Vogelsang left for basic training at Fort Oglethorpe, Georgia, from the train station in nearby Cincinnati.

“I remember mom and dad taking me to the station,” she said. “Once I got to the train, I couldn’t see them anymore and that was it. I was on my own.”

During training, Vogelsang remembers spending much of her time on the parade grounds.

“It was a huge circle with houses all around it that were used in the Civil War, which were turned into housing,” she said. “We occasionally would get shows, or visitors to our base. In fact, one of the visitors was President Franklin Roosevelt, and we paraded for him.”

After four weeks of basic training, she worked as a military baker for seven months, and a clerk for almost a year and a half. She even had a short stint in butcher training.

“When they were trying me out as a butcher, they taught us how to use the sharp knives and which one to use on what part of the carcass,” Vogelsang recalled. “Then, two men came in from a truck outside carrying a dead lamb, and that is all I remember. I guess I passed out, because I do not remember anything else after that. Needless to say, I didn’t last very long in that job.”

During her time as a clerk, Vogelsang worked in the Fort Oglethorpe Club and was responsible for the planning and execution of base events.

Though serving during WWII, Vogelsang never deployed overseas.

“My best friend was sent overseas and I was wondering why I didn’t get sent overseas,” she said, adding that colleagues told her she was too invaluable in her position on home station.

After her time at Fort Oglethorpe, she was sent to Lubbock Army Airfield in Texas, where she was stationed for the remainder of her enlistment.

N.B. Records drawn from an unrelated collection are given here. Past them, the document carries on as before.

Lemma ln_1p_bounds y : 0 <= y ->
  y - y ^ 2 / 2 <= ln (1 + y) <= y - y ^ 2 / 2 + y ^ 3 / 3.
Proof.
  intros Hy; split.
  - enough (0 <= ln (1 + y) - (y - y ^ 2 / 2)) by lra.
    apply (nonneg_of_derive_nonneg (fun z => ln (1 + z) - (z - z ^ 2 / 2))
             (fun z => z ^ 2 / (1 + z))); auto.
    + cbv beta; rewrite Rplus_0_r, ln_1; field.
    + intros z Hz; auto_derive; [lra | field; lra].
    + intros z Hz; apply Rdiv_le_0_compat; nra.
  - enough (0 <= y - y ^ 2 / 2 + y ^ 3 / 3 - ln (1 + y)) by lra.
    apply (nonneg_of_derive_nonneg (fun z => z - z ^ 2 / 2 + z ^ 3 / 3 - ln (1 + z))
             (fun z => z ^ 3 / (1 + z))); auto.
    + cbv beta; rewrite Rplus_0_r, ln_1; field.
    + intros z Hz; auto_derive; [lra | field; lra].
    + intros z Hz; apply Rdiv_le_0_compat; [apply pow_le|]; lra.
Qed.

Lemma exp_neg_bounds y : 0 <= y -> 1 - y <= exp (- y) <= 1 - y + y ^ 2 / 2.
Proof.
  intros Hy; split; [pose proof (exp_ineq1_le (- y)); lra|].
  enough (0 <= 1 - y + y ^ 2 / 2 - exp (- y)) by lra.
  apply (nonneg_of_derive_nonneg (fun z => 1 - z + z ^ 2 / 2 - exp (- z))
             (fun z => z - 1 + exp (- z))); auto.
  - cbv beta; rewrite Ropp_0, exp_0; field.
  - intros z _; auto_derive; [easy | field].
  - intros z _; pose proof (exp_ineq1_le (- z)); lra.
Qed.

Lemma Rpower_inv_sub_bounds m h : 0 < m -> 0 < h ->
  h / Rpower (m + 1) (1 + h) <= / Rpower m h - / Rpower (m + 1) h
  <= h / Rpower m (1 + h).
Proof.
  intros Hm Hh.
  pose proof (ln_succ_sub_bounds m Hm) as HD.
  set (D := ln (m + 1) - ln m) in HD.
  assert (Hsplit : forall u, 0 < u -> Rpower u (1 + h) = u * Rpower u h).
  { intros u Hu; rewrite Rpower_plus, Rpower_1 by exact Hu; reflexivity. }
  assert (HQ : Rpower (m + 1) h = Rpower m h * exp (h * D)).
  { unfold Rpower, D; rewrite <- exp_plus; f_equal; ring. }
  rewrite !Hsplit, HQ by lra.
  assert (HP : 0 < Rpower m h) by apply exp_pos.
  assert (HE : 0 < exp (h * D)) by apply exp_pos.
  set (P := Rpower m h) in *; set (E := exp (h * D)) in *.
  split.
  - replace (/ P - / (P * E)) with ((m + 1) * (E - 1) * / ((m + 1) * (P * E)))
      by (field; lra).
    apply Rmult_le_compat_r.
    { left; apply Rinv_0_lt_compat; repeat apply Rmult_lt_0_compat; lra. }
    assert (1 + h * D <= E) by apply exp_ineq1_le.
    assert (h * / (m + 1) <= h * D) by (apply Rmult_le_compat_l; lra).
    replace h with ((m + 1) * (h * / (m + 1))) at 1 by (field; lra).
    apply Rmult_le_compat_l; lra.
  - replace (/ P - / (P * E)) with ((1 - exp (- (h * D))) * / P)
      by (rewrite exp_Ropp; fold E; field; lra).
    replace (h / (m * P)) with (h / m * / P) by (field; lra).
    apply Rmult_le_compat_r; [left; apply Rinv_0_lt_compat; lra|].
    pose proof (exp_ineq1_le (- (h * D))).
    assert (h * D <= h * / m) by (apply Rmult_le_compat_l; lra).
    unfold Rdiv; lra.
Qed.
Lemma inv_sub_inv_Rpower_bounds m h : 1 <= m -> 0 < h ->
  0 <= / m - / Rpower m (1 + h) <= h * ln m.
Proof.
  intros Hm Hh.
  assert (HL : 0 <= h * ln m) by (apply Rmult_le_pos; [lra | rewrite <- ln_1; apply ln_le; lra]).
  pose proof (exp_neg_bounds (h * ln m) HL) as He.
  rewrite Rpower_plus, Rpower_1 by lra.
  replace (/ m - / (m * Rpower m h)) with (/ m * (1 - exp (- (h * ln m)))).
  2: { unfold Rpower; rewrite exp_Ropp; field; split; [apply Rgt_not_eq, exp_pos | lra]. }
  assert (0 < / m <= 1).
  { split; [apply Rinv_0_lt_compat; lra | rewrite <- Rinv_1; apply Rinv_le_contravar; lra]. }
  assert (exp (- (h * ln m)) <= 1).
  { rewrite exp_Ropp, <- Rinv_1; apply Rinv_le_contravar; [lra|].
    pose proof (exp_ineq1_le (h * ln m)); lra. }
  split; nra.
Qed.

Lemma one_sub_exp_neg_div_bounds h L : 0 < h -> 0 <= L ->
  L - h * L ^ 2 / 2 <= (1 - exp (- (h * L))) / h <= L.
Proof.
  intros Hh HL; pose proof (exp_neg_bounds (h * L) ltac:(nra)).
  split; [apply Rle_div_r | apply Rle_div_l]; nra.
Qed.

Lemma Rpower_inv_base u z : 0 < u -> Rpower (/ u) z = / Rpower u z.
Proof. intros Hu; unfold Rpower; rewrite ln_Rinv, <- exp_Ropp by exact Hu; f_equal; ring. Qed.

Lemma Rpower_pow_base u z n : 0 < u -> Rpower u z ^ n = Rpower (u ^ n) z.
Proof.
  intros Hu; induction n as [|n IH]; simpl.
  - unfold Rpower; rewrite ln_1, Rmult_0_r, exp_0; reflexivity.
  - rewrite IH; apply Rpower_mult_distr; [exact Hu | apply pow_lt, Hu].
Qed.

Section Telescoping.

Variables a w : nat -> R.
Hypothesis increment_bounds : forall n, 0 <= a (S n) - a n <= w n - w (S n).
Hypothesis w_nonneg : forall n, 0 <= w n.

Lemma telescoping_gap N k : 0 <= a (N + k) - a N <= w N - w (N + k).
Proof.
  induction k as [|k IH]; [rewrite Nat.add_0_r; lra|].
  rewrite Nat.add_succ_r; pose proof (increment_bounds (N + k)); lra.
Qed.

Lemma ex_finite_lim_seq_telescoping : ex_finite_lim_seq a.
Proof.
  apply ex_finite_lim_seq_incr with (a 0%nat + w 0%nat).
  - intros n; pose proof (increment_bounds n); lra.
  - intros n; pose proof (telescoping_gap 0 n); pose proof (w_nonneg n); simpl in *; lra.
Qed.

Lemma is_lim_seq_telescoping_gap (l : R) N :
  is_lim_seq a l -> 0 <= l - a N <= w N.
Proof.
  intros Hl; apply (is_lim_seq_incr_n _ N) in Hl.
  assert (Hlow : Rbar_le (a N) l).
  { apply (is_lim_seq_le (fun _ => a N) (fun n => a (n + N)%nat));
      [|apply is_lim_seq_const | exact Hl].
    intros n; rewrite Nat.add_comm; pose proof (telescoping_gap N n); lra. }
  assert (Hup : Rbar_le l (a N + w N)).
  { apply (is_lim_seq_le (fun n => a (n + N)%nat) (fun _ => a N + w N));
      [|exact Hl | apply is_lim_seq_const].
    intros n; rewrite Nat.add_comm.
    pose proof (telescoping_gap N n); pose proof (w_nonneg (N + n)); lra. }
  simpl in Hlow, Hup; lra.
Qed.

End Telescoping.

(** * Partial sums of the zeta series *)

Lemma sum_n_succ (a : nat -> R) n : sum_n a (S n) = sum_n a n + a (S n).
Proof. exact (@sum_Sn R_AbelianMonoid a n). Qed.

Definition zeta_term (s : R) (n : nat) : R := / Rpower (INR n + 1) s.

Lemma zeta_Series s : zeta s = Series (zeta_term s).
Proof. apply Series_ext; intros n; unfold zeta_term; rewrite plus_INR; reflexivity. Qed.

Lemma zeta_term_pos s n : 0 < zeta_term s n.
Proof. apply Rinv_0_lt_compat, exp_pos. Qed.

Lemma zeta_term_0 s : zeta_term s 0 = 1.
Proof.
  unfold zeta_term, Rpower; simpl.
  rewrite Rplus_0_l, ln_1, Rmult_0_r, exp_0; apply Rinv_1.
Qed.

Lemma zeta_term_sub_bounds h n : 0 < h ->
  h * zeta_term (1 + h) (S n) <= zeta_term h n - zeta_term h (S n)
  <= h * zeta_term (1 + h) n.
Proof.
  intros Hh; unfold zeta_term; rewrite S_INR.
  pose proof (pos_INR n); apply Rpower_inv_sub_bounds; lra.
Qed.

Lemma zeta_partial_sum_increment h n : 0 < h ->
  0 <= sum_n (zeta_term (1 + h)) (S n) - sum_n (zeta_term (1 + h)) n
  <= zeta_term h n / h - zeta_term h (S n) / h.
Proof.
  intros Hh; rewrite sum_n_succ.
  pose proof (zeta_term_sub_bounds h n Hh); pose proof (zeta_term_pos (1 + h) (S n)).
  replace (zeta_term h n / h - zeta_term h (S n) / h)
    with ((zeta_term h n - zeta_term h (S n)) / h) by (field; lra).
  split; [lra|].
  apply Rle_div_r; lra.
Qed.

Lemma is_lim_seq_zeta_partial_sum h : 0 < h ->
  is_lim_seq (sum_n (zeta_term (1 + h))) (zeta (1 + h)).
Proof.
  intros Hh; rewrite zeta_Series.
  apply Lim_seq_correct', (ex_finite_lim_seq_telescoping _ (fun n => zeta_term h n / h)).
  - intros n; apply zeta_partial_sum_increment, Hh.
  - intros n; apply Rdiv_le_0_compat; [apply Rlt_le, zeta_term_pos | exact Hh].
Qed.

Lemma zeta_sub_partial_sum_bounds h N : 0 < h ->
  0 <= zeta (1 + h) - sum_n (zeta_term (1 + h)) N <= zeta_term h N / h.
Proof.
  intros Hh; apply (is_lim_seq_telescoping_gap _ (fun n => zeta_term h n / h)).
  - intros n; apply zeta_partial_sum_increment, Hh.
  - intros n; apply Rdiv_le_0_compat; [apply Rlt_le, zeta_term_pos | exact Hh].
  - apply is_lim_seq_zeta_partial_sum, Hh.
Qed.

Lemma zeta_expansion_at_infinity x : 1 < x ->
  0 <= zeta x - (1 + Rpower (/ 2) x + Rpower (/ 3) x + Rpower (/ 2) x ^ 2)
  <= Rpower (/ 2) x ^ 2 * (4 / (x - 1)).
Proof.
  intros Hx; set (h := x - 1); replace x with (1 + h) by (unfold h; ring).
  assert (Hh : 0 < h) by (unfold h; lra).
  assert (Hsum : sum_n (zeta_term (1 + h)) 3
                 = 1 + Rpower (/ 2) (1 + h) + Rpower (/ 3) (1 + h) + Rpower (/ 2) (1 + h) ^ 2).
  { rewrite Rpower_pow_base by lra; replace ((/ 2) ^ 2) with (/ 4) by field.
    rewrite !Rpower_inv_base by lra.
    rewrite !sum_Sn, sum_O, zeta_term_0; unfold plus, zeta_term; simpl.
    repeat f_equal; ring. }
  assert (Htail : zeta_term h 3 / h = Rpower (/ 2) (1 + h) ^ 2 * (4 / h)).
  { rewrite Rpower_pow_base by lra; replace ((/ 2) ^ 2) with (/ 4) by field.
    rewrite Rpower_inv_base, Rpower_plus, Rpower_1 by lra.
    unfold zeta_term; simpl; replace (1 + 1 + 1 + 1) with 4 by ring.
    assert (0 < Rpower 4 h) by apply exp_pos; field; lra. }
  rewrite <- Hsum, <- Htail; apply zeta_sub_partial_sum_bounds, Hh.
Qed.

(** * Euler's constant and the pole of zeta at 1 *)

Lemma is_lim_seq_INR_add_1 : is_lim_seq (fun n => INR n + 1) p_infty.
Proof.
  apply (is_lim_seq_ext (fun n => INR (S n))); [intros n; apply S_INR|].
  apply (is_lim_seq_incr_1 INR p_infty), is_lim_seq_INR.
Qed.

Definition harmonic_gap (n : nat) : R := harmonic n - ln (INR n + 1).

Lemma harmonic_gap_increment n :
  0 <= harmonic_gap (S n) - harmonic_gap n <= / (INR n + 1) - / (INR (S n) + 1).
Proof.
  unfold harmonic_gap; change (harmonic (S n)) with (harmonic n + / INR (S n)).
  rewrite !S_INR.
  pose proof (pos_INR n).
  pose proof (ln_succ_sub_bounds (INR n + 1) ltac:(lra)); lra.
Qed.

Lemma harmonic_gap_telescoping_bound (l : R) N :
  is_lim_seq harmonic_gap l -> 0 <= l - harmonic_gap N <= / (INR N + 1).
Proof.
  apply (is_lim_seq_telescoping_gap _ (fun n => / (INR n + 1))).
  - exact harmonic_gap_increment.
  - intros n; pose proof (pos_INR n); left; apply Rinv_0_lt_compat; lra.
Qed.

Lemma is_lim_seq_harmonic_gap : is_lim_seq harmonic_gap euler_gamma.
Proof.
  assert (Hex : ex_finite_lim_seq harmonic_gap).
  { apply (ex_finite_lim_seq_telescoping _ (fun n => / (INR n + 1))).
    - exact harmonic_gap_increment.
    - intros n; pose proof (pos_INR n); left; apply Rinv_0_lt_compat; lra. }
  destruct Hex as [l Hl].
  assert (Hshift : is_lim_seq (fun n => harmonic n - ln (INR n)) l).
  { apply is_lim_seq_incr_1.
    apply (is_lim_seq_ext (fun n => harmonic_gap n + / (INR n + 1))).
    { intros n; unfold harmonic_gap; change (harmonic (S n)) with (harmonic n + / INR (S n)).
      rewrite S_INR; ring. }
    replace (Finite l) with (Rbar_plus l (Rbar_inv p_infty))
      by (simpl; f_equal; rewrite Rplus_0_r; reflexivity).
    apply is_lim_seq_plus'; [exact Hl|].
    apply (is_lim_seq_inv _ p_infty is_lim_seq_INR_add_1); discriminate. }
  unfold euler_gamma; rewrite (is_lim_seq_unique _ _ Hshift); exact Hl.
Qed.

The military once put her image on a recruitment poster, she said. However, she doesn’t recall the poster ever being officially used because the war ended before it could be distributed.

Life after the war

After separating from the service, Vogelsang returned to work at the laundry facility in Fairfax.

Eventually, she married and had three children of her own.

“When she came home, and had us kids, she still cooked like she was cooking for the Army,” said Mary Henninger, her daughter. “We would always have leftovers for days because she would cook large pots of everything.”

Among her siblings, Vogelsang is one of only two still remaining. As she prepares to celebrate her centennial birthday with family, she has a tip for longevity.

“The key to reaching 100 is staying busy and keep your body moving,” she said.